Marcel Duchamp almost had a career as a librarian. In November 1912, having given up on painting for the first time, Duchamp enrolled in library school. Soon, he started work as an intern at the Bibliothèque Sainte-Geneviève, where he read about perspective and made notes for what would become The Bride Stripped Bare by Her Bachelors, Even (1915–23, often referred to as The Large Glass). His period as a librarian was a crucial moment of transition: just as he abandoned art for books, he would end up dematerializing the art object, realizing that the notes he was taking might be more interesting than the work they putatively described. The Large Glass, ostensibly the end-stage of this part of his career, is ultimately less generative than The Bride Stripped Bare by Her Bachelors, Even (The Green Box) (1934), the suspiciously library-like set of notes that might combine, if assembled the right way, to make The Large Glass—or something else entirely.
A book can be seen as a node in a web of potential relationships—between author and reader, books past and future, even seller and consumer—modulated by the ecosystems around them which make such connections happen. The library is tailor-made for relational aesthetics, as Heman Chong and Renée Staal’s itinerant Library of Unread Books (2016–ongoing), currently instantiated as part of the 2022 Singapore Biennale, clearly demonstrates.1 The library’s disinterested motives differ from those driving the world of commerce: a library serves readers; but it also serves others; it might, for example, give an artist an easy job. A library preserves information; at the same time, it might confer distinction on an institution. Crucially for Duchamp, in a library the importance of the network to the work becomes apparent. A book changes when it is shelved next to another; a reader in a library can move back and forth at will between disparate books, creating new connections. A library is a site, above all, of potential: potential connections, potential artworks, that might be made. Of course, a library will contain as many bad books as good ones, and require infrastructure to navigate: Borges’s library that contained absolutely everything would be singularly useless, as Jonathan Basile’s online instantiation proves.2
This is the ground on which Chong (the artist) and Renée Staal (the librarian) have built their library. Set to wander around the world for a decade before entering a museum collection, it consists of stacks of books donated by visitors on the condition that they have not been read. It’s presently on show in Singapore in a small room on the ground floor of International Plaza, a nondescript office building not far from the city’s main cargo port. Around the library are food stalls full of office workers getting lunch. Visitors are invited to browse the books. Inside the front cover, a stamp announces the book as part of the Library of Unread Books; the donor’s name is written as well. Donating books is encouraged. Browsing reveals the ambiguous quality of the library: how much does one have to browse in order to convert an unread book to a read one? (Some of these books, one can tell by the spine, would seem to have been read by someone before their donation.)

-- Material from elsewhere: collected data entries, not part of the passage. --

(* Let $P$ be either (case $P_\alpha$) a hyperbolic $2$-sphere with three cone points $p_1,p_2,p_3$ of cone angles $2\alpha_1,2\alpha_2,2\alpha_3$, all less than $2\pi$, removed, with $\gamma_k$ a simple loop around $p_k$; or (case $P_l$) a hyperbolic $3$-holed sphere with geodesic boundary components $\gamma_1,\gamma_2,\gamma_3$ of lengths $2l_1,2l_2,2l_3$. Let $\rho:\pi_1(P)\to\mathrm{PSL}(2;\mathbb R)\subset\mathrm{PSL}(2;\mathbb C)$ be the holonomy representation, $\widetilde\rho$ a lift to $\mathrm{SL}(2;\mathbb C)$, and $\mathrm{Ad}_\rho=\mathrm{Sym}^2\circ\widetilde\rho:\pi_1(P)\to\mathrm{SL}(3;\mathbb C)$. For $k=1,2,3$ let $\mathbf I_k\in\mathbb C^3$ be a (unique up to scalar) nonzero invariant vector of $\mathrm{Ad}_\rho([\gamma_k])^T$. Then: \begin{enumerate} \item[(1)] $H_k(P;\mathrm{Ad}_\rho)=0$ for $k\neq1$. \item[(2)] $H_1(P;\mathrm{Ad}_\rho)\cong\mathbb C^3$, with basis $\mathbf h_P=\{\mathbf I_1\otimes[\gamma_1],\mathbf I_2\otimes[\gamma_2],\mathbf I_3\otimes[\gamma_3]\}$. \item[(3)] $\displaystyle\mathrm{Tor}(P_\alpha,\mathbf h_P;\mathrm{Ad}_\rho)=\pm\frac{i}{16\sin\alpha_1\sin\alpha_2\sin\alpha_3}$. \item[(4)] $\displaystyle\mathrm{Tor}(P_l,\mathbf h_P;\mathrm{Ad}_\rho)=\pm\frac{1}{16\sinh l_1\sinh l_2\sinh l_3}$. \end{enumerate}
   Context: $\mathrm{Sym}^2$ is the symmetric square representation of $\mathrm{SL}(2;\mathbb C)$ on $\mathbb C^3$ (homogeneous quadratic polynomials in two variables); $\mathrm{Sym}^2\circ\widetilde\rho$ is independent of the lift and conjugate to the adjoint representation. Twisted chain complex: $C_*(P;\mathrm{Ad}_\rho)=\mathbb C^3\otimes_{\mathrm{Ad}_\rho}C_*(\widetilde P;\mathbb Z)$ (for a CW structure on $P$, e.g. a spine), with relation $\mathbf v\otimes\gamma\mathbf c=(\mathrm{Ad}_\rho(\gamma)^T\mathbf v)\otimes\mathbf c$ and standard basis $\{\mathbf e_r\otimes c\}$. The class $\mathbf I_k\otimes[\gamma_k]$ is represented by $\mathbf I_k\otimes\widetilde\gamma_k$ for a lift $\widetilde\gamma_k$ of the loop. Reidemeister torsion of a complex with bases $\mathbf c_k$ and homology bases $\mathbf h_k$: $\mathrm{Tor}=\pm\prod_k[\mathbf b_k\sqcup\widetilde{\mathbf b}_{k-1}\sqcup\widetilde{\mathbf h}_k;\mathbf c_k]^{(-1)^{k+1}}$, where $\mathbf b_k$ is a basis of $\partial C_{k+1}$, $\widetilde{\mathbf b}_k\subset C_{k+1}$ a lift, $\widetilde{\mathbf h}_k$ a lift of $\mathbf h_k$, and $[\,\cdot\,;\,\cdot\,]$ the determinant of the change of basis; it is invariant under subdivision and simple homotopy.
   Formalization: Each invariant vector $\mathbf I_k$, seen as a homogeneous quadratic polynomial, is normalized to have discriminant 1 (square of the middle coefficient minus four times the product of the outer two), rather than being any nonzero scalar multiple. The statement above fails without it. *)

From HB Require Import structures.
From mathcomp Require Import all_boot all_order all_algebra.
From mathcomp Require Import reals trigo sequences.
From mathcomp Require Export complex.
Set Implicit Arguments. Unset Strict Implicit. Unset Printing Implicit Defensive.
Import Order.TTheory GRing.Theory Num.Theory.
Local Open Scope ring_scope.
Local Open Scope complex_scope.

Definition sinhR {R : realType} (x : R) : R := (expR x - expR (- x)) / 2.
Definition coshR {R : realType} (x : R) : R := (expR x + expR (- x)) / 2.

Definition idx0 : 'I_2 := ord0.
Definition idx1 : 'I_2 := ord_max.

(* C^3 = homogeneous quadratic polynomials
   u x^2 + v xy + w y^2, coordinates (u, v, w) in the monomial basis.
   sym2 g is the matrix of p |-> p o g, i.e. p(x,y) |-> p(ax+by, cx+dy)
   for g = [[a,b],[c,d]], acting on coefficient ROW vectors: (p o g) = p *m sym2 g.
   It is multiplicative: sym2 (g *m h) = sym2 g *m sym2 h.  Hence on column
   vectors the transpose sym2 g ^T is the (right) action used in the twisted
   chain complex:  v (x) gamma c = (Ad(gamma)^T v) (x) c. *)
Definition sym2 {F : comPzRingType} (g : 'M[F]_2) : 'M[F]_3 :=
  let a := g idx0 idx0 in let b := g idx0 idx1 in
  let c := g idx1 idx0 in let d := g idx1 idx1 in
  \matrix_(i < 3, j < 3)
    match nat_of_ord i, nat_of_ord j with
    | 0, 0 => a ^+ 2       | 0, 1 => (a * b) *+ 2   | 0, _ => b ^+ 2
    | 1, 0 => a * c        | 1, 1 => a * d + b * c  | 1, _ => b * d
    | _, 0 => c ^+ 2       | _, 1 => (c * d) *+ 2   | _, _ => d ^+ 2
    end.

Definition AdC {R : realType} (g : 'M[R]_2) : 'M[R[i]]_3 :=
  sym2 (map_mx (fun x : R => x%:C) g).

Definition SL2R {R : realType} (g : 'M[R]_2) : Prop := \det g = 1.

(* pi_1(P) is free on gamma_1, gamma_2, with gamma_1 gamma_2 gamma_3 = 1
   (boundary loops / loops around the cone points, coherently oriented).
   A lift of the holonomy is determined by A = rho~(gamma_1), B = rho~(gamma_2);
   rho~(gamma_3) = (A B)^{-1}.

   Holonomy of the hyperbolic sphere with cone angles 2 a1, 2 a2, 2 a3
   (gamma_k elliptic of rotation angle 2 a_k): real SL(2) lift with
   tr A = 2 cos a1, tr B = 2 cos a2, tr (AB) = -2 cos a3.  (This determines the
   representation up to conjugation: it is the character of the holonomy.) *)
Definition cone_holonomy {R : realType} (a1 a2 a3 : R) (A B : 'M[R]_2) : Prop :=
  [/\ SL2R A, SL2R B,
      \tr A = 2 * cos a1, \tr B = 2 * cos a2 & \tr (A *m B) = - (2 * cos a3)].

(* Holonomy of the hyperbolic pair of pants with geodesic boundary lengths
   2 l1, 2 l2, 2 l3 (gamma_k hyperbolic of translation length 2 l_k):
   tr A = 2 cosh l1, tr B = 2 cosh l2, tr (AB) = -2 cosh l3. *)
Definition pants_holonomy {R : realType} (l1 l2 l3 : R) (A B : 'M[R]_2) : Prop :=
  [/\ SL2R A, SL2R B,
      \tr A = 2 * coshR l1, \tr B = 2 * coshR l2 & \tr (A *m B) = - (2 * coshR l3)].

Section Complex.
Context {R : realType}.
Local Notation C := (R[i]).

(* Twisted chain complex of the spine of P (wedge of two circles: one vertex v,
   edges e1, e2 with lifts e~_j from v~ to gamma_j v~):
     C_1 = C^3 (x) e~_1  (+)  C^3 (x) e~_2  = 'cV_(3+3),   C_0 = C^3 (x) v~ = 'cV_3,
   C_k = 0 for k >= 2, standard bases {e_r (x) cell}.
   d(v (x) e~_j) = v (x) (gamma_j v~ - v~) = (Ad(gamma_j)^T v - v) (x) v~. *)
Definition bd (A B : 'M[R]_2) : 'M[C]_(3, 3 + 3) :=
  row_mx ((AdC A)^T - 1%:M) ((AdC B)^T - 1%:M).

Definition disc (I : 'cV[C]_3) : C :=
  I (inord 1) ord0 ^+ 2 - 4%:R * I (inord 0) ord0 * I (inord 2) ord0.

Definition normalized_invariant (g : 'M[R]_2) (I : 'cV[C]_3) : Prop :=
  [/\ I != 0, (AdC g)^T *m I = I & disc I = 1].

(* The chains I_k (x) gamma~_k (lifts starting at v~):
   gamma~_1 = e~_1, gamma~_2 = e~_2, and for gamma_3 = gamma_2^{-1} gamma_1^{-1}:
   gamma~_3 = - gamma_2^{-1} e~_2 - gamma_2^{-1} gamma_1^{-1} e~_1, so
   I_3 (x) gamma~_3 = - (Ad(gamma_2^{-1}gamma_1^{-1})^T I_3) (x) e~_1
                      - (Ad(gamma_2^{-1})^T I_3) (x) e~_2.
   Columns of hP are the three chains, in the order h_P. *)
Definition hP (A B : 'M[R]_2) (I1 I2 I3 : 'cV[C]_3) : 'M[C]_(3 + 3, 3) :=
  row_mx (row_mx (col_mx I1 0) (col_mx 0 I2))
         (- col_mx ((AdC (invmx (A *m B)))^T *m I3) ((AdC (invmx B))^T *m I3)).

(* H_0 = C_0 / d C_1 = 0  (H_k = 0 for k >= 2 since C_k = 0). *)
Definition H0_vanishes (A B : 'M[R]_2) : Prop := \rank (bd A B) = 3.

What qualifies a book as an unread book? There’s a difference between a book as concept and any particular copy of it: one assumes that someone, if only the author, would have to read a book to publish it, though this might seem quaint in the age of Chat GPT, where books can be created in vast numbers without a writer involved, much less a reader. Many of the books stacked in the Library of Unread Books seem undistinctive: Twilight novels, Windows 98 for Dummies, Jack Welch’s autobiography—books which might help someone through a computing crisis, or entertain them on a journey, make for a thoughtful gift. But by virtue of being here, these books have presumably not been allowed to act on the world in the ways in which they were intended. This is cause for more consternation in some cases than others: spotting an almost new copy of The Autobiography of Malcolm X (1965), a book that might conceivably change someone’s worldview, I can’t help wonder how it ended up here. Maybe it was a duplicate in a well-stocked library; maybe someone decided they didn’t care.

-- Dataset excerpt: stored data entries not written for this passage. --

(* Let $G=(V,E,w)$ be an $n$-vertex directed graph with real edge weights, let $h>0$ be an integer and $\tau\ge 2n^2$ an integer. The procedure $\textsc{DetPreprocessing}(G,\tau,h)$ described below can be implemented to run in $O(n^3 h)$ time.
   Context: Let $i_h=\lceil \log_{3/2} h\rceil$ and $h_i=(3/2)^i$ for $i=0,\dots,i_h$. A path is $h'$-hop-restricted if it has at most $h'$ edges. The procedure $\textsc{DetPreprocessing}(G,\tau,h)$: initialize $C\gets\emptyset$, $\textsc{Congestion}(v)\gets 0$ for all $v\in V$, and $\pi^i_{s,t}\gets\bot$ (the empty path of weight $\infty$) for all $s,t\in V$, $i\in[0,i_h]$. Then process every vertex $s\in V$ exactly once as a root, in an arbitrary order; for each root $s$ and each $i\in[0,i_h]$ in turn: (1) compute, by $h_i$ rounds of Bellman-Ford from $s$ in the induced graph $G[V\setminus C]$, paths $\pi^i_{s,t}$ for all $t\in V$ that are shortest among $h_i$-hop-restricted paths from $s$ to $t$ in $G[V\setminus C]$; (2) for every $t\in V$ and every vertex $u$ on $\pi^i_{s,t}$, increase $\textsc{Congestion}(u)$ by $\lceil n/h_i\rceil$; (3) set $C\gets\{v\in V:\textsc{Congestion}(v)>\tau/2\}$. *)

From HB Require Import structures.
From mathcomp Require Import all_boot all_order all_algebra.
Set Implicit Arguments. Unset Strict Implicit. Unset Printing Implicit Defensive.
Import Order.TTheory GRing.Theory Num.Theory.

(*    w u v = Some x means the edge u -> v exists with weight x, and None    *)
(*    means there is no edge.  R is any real (ordered) domain, e.g. the reals.*)
(*  - A path (walk) is its non-empty vertex list [:: v0; ...; vk]; it has    *)
(*    k edges ("hops").  The empty path ⊥ of weight ∞ is None.               *)
(*  - h_i = (3/2)^i ; "h_i-hop-restricted" = at most floor(h_i) edges,       *)
(*    floor((3/2)^i) = 3^i %/ 2^i ; ceil(n/h_i) = ceil(n 2^i / 3^i).         *)
(*  - i_h = ceil(log_{3/2} h) = least i with (3/2)^i >= h, i.e.             *)
(*    h * 2^i <= 3^i (such an i <= h always exists).                        *)

Definition hop (i : nat) : nat := 3 ^ i %/ 2 ^ i.
Definition cinc (n i : nat) : nat := (n * 2 ^ i + 3 ^ i - 1) %/ 3 ^ i.
Definition ih (h : nat) : nat := find (fun i => h * 2 ^ i <= 3 ^ i) (iota 0 h.+1).

Record dp_state (n : nat) := DPState {
  dpC : {set 'I_n};
  dpCong : 'I_n -> nat;
  dpPi : 'I_n -> nat -> 'I_n -> option (seq 'I_n) }.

There’s something missing in this analysis: the database of the library, the invisible armature that structures it. These books are not special: a used book, even an unread one, is generally worth less than the equivalent amount of blank paper. The copies in this library, however, are pedigreed: the librarian knows how the book came into the library, who previously owned the book, where the book came from, where it has been. Value is accrued by inserting the copy into a network, making its connections slightly more visible. These connections stretch outside of the physical library, wherever it may happen to be. The donor is given a library card, with their name, an “index number,” and a date. This scrap of paper is also part of the work: the library extending its tendrils out into the world through the network of people connected to it.

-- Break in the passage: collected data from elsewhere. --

Lemma binomial_tail_lt (n m : nat) (L a b c Q : R) :
  (0 < INR n)%R -> (1 <= L)%R -> (0 <= a)%R ->
  (2 * exp 1 * exp 1 * a <= b)%R -> (c + 1 <= b)%R -> (b * L < INR m)%R ->
  (0 <= Q <= a * L / INR n)%R ->
  (INR 'C(n, m) * (2 ^ m.+1 * Q ^ m) < exp (- (c * L)))%R.
Proof.
move=> n0 L1 a0 ab cb bLm [Q0 QaL].
set y := (2 * a * L)%R; have y0 : (0 <= y)%R by rewrite /y; nra.
have e0 := exp_pos 1; have e1 : (1 < exp 1)%R by have := exp_ineq1 1 R1_neq_R0; lra.
have ea0 : (0 <= 2 * exp 1 * exp 1 * a)%R by apply: Rmult_le_pos; nra.
have b0 : (0 <= b)%R by lra.
have M0 : (0 < INR m)%R by have := Rmult_le_pos _ _ b0 (ltac:(lra) : (0 <= L)%R); lra.
have m0 : (0 < m)%nat by apply/ltP/INR_lt.
have step1 : (INR 'C(n, m) * (2 * Q) ^ m <= y ^ m / INR m`!)%R.
  apply: Rle_trans (binomial_pow_le m n0 y0); apply: Rmult_le_compat_l; first exact: pos_INR.
  apply: pow_incr; split; first lra.
  by rewrite /y (_ : 2 * a * L / INR n = 2 * (a * L / INR n))%R; [lra | field; lra].
have step2 : ((exp 1 * y / INR m) ^ m <= exp (- INR m))%R.
  rewrite (_ : exp (- INR m) = exp (- 1) ^ m)%R; last by rewrite pow_exp; congr exp; ring.
  rewrite exp_Ropp.
  apply: pow_incr; split; first by apply: Rmult_le_pos; [nra | apply/Rlt_le/Rinv_0_lt_compat].
  apply: (Rmult_le_reg_r (INR m * exp 1)); first nra.
  rewrite (_ : exp 1 * y / INR m * (INR m * exp 1) = 2 * exp 1 * exp 1 * a * L)%R;
    last by rewrite /y; field; lra.
  rewrite (_ : / exp 1 * (INR m * exp 1) = INR m)%R; last by field; lra.
  by have := Rmult_le_compat_r L _ _ (ltac:(lra) : (0 <= L)%R) ab; lra.
have := Rle_trans _ _ _ step1 (Rle_trans _ _ _ (pow_div_fact_le y0 m0) step2).
have := two_exp_neg_lt (c := c) L1 (ltac:(nra) : ((c + 1) * L < INR m)%R).
rewrite (_ : INR 'C(n, m) * (2 ^ m.+1 * Q ^ m) = 2 * (INR 'C(n, m) * (2 * Q) ^ m))%R.
  by lra.
by rewrite Rpow_mult_distr /=; ring.
Qed.

Lemma ln_ge1 (x : R) : (3 <= x)%R -> (1 <= ln x)%R.
Proof.
move=> x3; apply: Rnot_lt_le => lnx1.
by have := exp_increasing _ _ lnx1; rewrite exp_ln; have := exp_le_3; lra.
Qed.

Lemma exists_INR_between (z : R) : (0 <= z)%R -> exists m : nat, (z < INR m <= z + 1)%R.
Proof.
move=> z0; have [zu uz] := archimed z; have u0 : (0 <= up z)%Z by apply: le_IZR; lra.
by exists (Z.to_nat (up z)); rewrite INR_IZR_INZ Znat.Z2Nat.id //; lra.
Qed.
(* Let $n\ge 3$ and $\varphi$ a linear functional with $\varphi(e_i)=a_i$, $0<a_1<\dots<a_n$. Every $\varphi$-monotone path on $\diamond^n$ is at distance at most $n-2$ in the flip graph from some coherent monotone path, and this bound is attained (e.g. by the path with vertices $-e_n,-e_{n-1},\dots,-e_1,e_2,\dots,e_{n-1},e_n$).
   Context: $\diamond^n=\mathrm{conv}\{\pm e_1,\dots,\pm e_n\}$. A monotone path is a sequence of vertices $-e_n=v_0,\dots,v_m=e_n$ with $v_{j-1}\neq -v_j$ and $\varphi(v_{j-1})<\varphi(v_j)$. The flip graph has the monotone paths as vertices, two being adjacent when one is obtained from the other by inserting or deleting a single vertex. A monotone path is coherent if there is a linear functional $\psi$ such that for $\pi=(\varphi,\psi):\mathbb{R}^n\to\mathbb{R}^2$ the images $\pi(v_0),\dots,\pi(v_m)$ are exactly the lower vertices of the polygon $\pi(\diamond^n)$ in order and each edge $[v_{j-1},v_j]$ is the preimage in $\diamond^n$ of a lower edge; for $\diamond^n$ this holds exactly when the path contains no antipodal pair other than $\{-e_n,e_n\}$. *)

From mathcomp Require Import all_boot all_order all_algebra.
From mathcomp Require Export reals.
Set Implicit Arguments. Unset Strict Implicit. Unset Printing Implicit Defensive.
Import Order.TTheory GRing.Theory Num.Theory.
Local Open Scope ring_scope.

(* A vertex of the cross-polytope diamond^n: (true, i) is e_i, (false, i) is -e_i,
   with 1-based indices 1 <= i <= n. *)
Definition vert := (bool * nat)%type.

Definition valid (n : nat) (v : vert) : bool := (1 <= v.2 <= n)%N.

Definition lin {R : realType} (c : nat -> R) (v : vert) : R :=
  if v.1 then c v.2 else - c v.2.

Definition antipodal (v w : vert) : bool := (v.2 == w.2) && (v.1 != w.1).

A paper library card might seem passé, especially in Singapore where functional wallets are scarce: phones pay for everything, and apps check out books from the national library system without the intercession of a librarian. At a moment when one starts wondering about the prospect of drowning in a flood of AI-generated content, however, the human scale—and human connections—of the Library of Unread Books might be read differently. Seen through the plate glass doors, the piles of books might look like trash. No one needs stuff anymore. But not all trash is the same. Duchamp’s focus on connection elevates the bits of trash that make up the Green Box into something bigger. Likewise, Chong and Staal call for a heightened awareness of how the book functions in our lives, even when unread.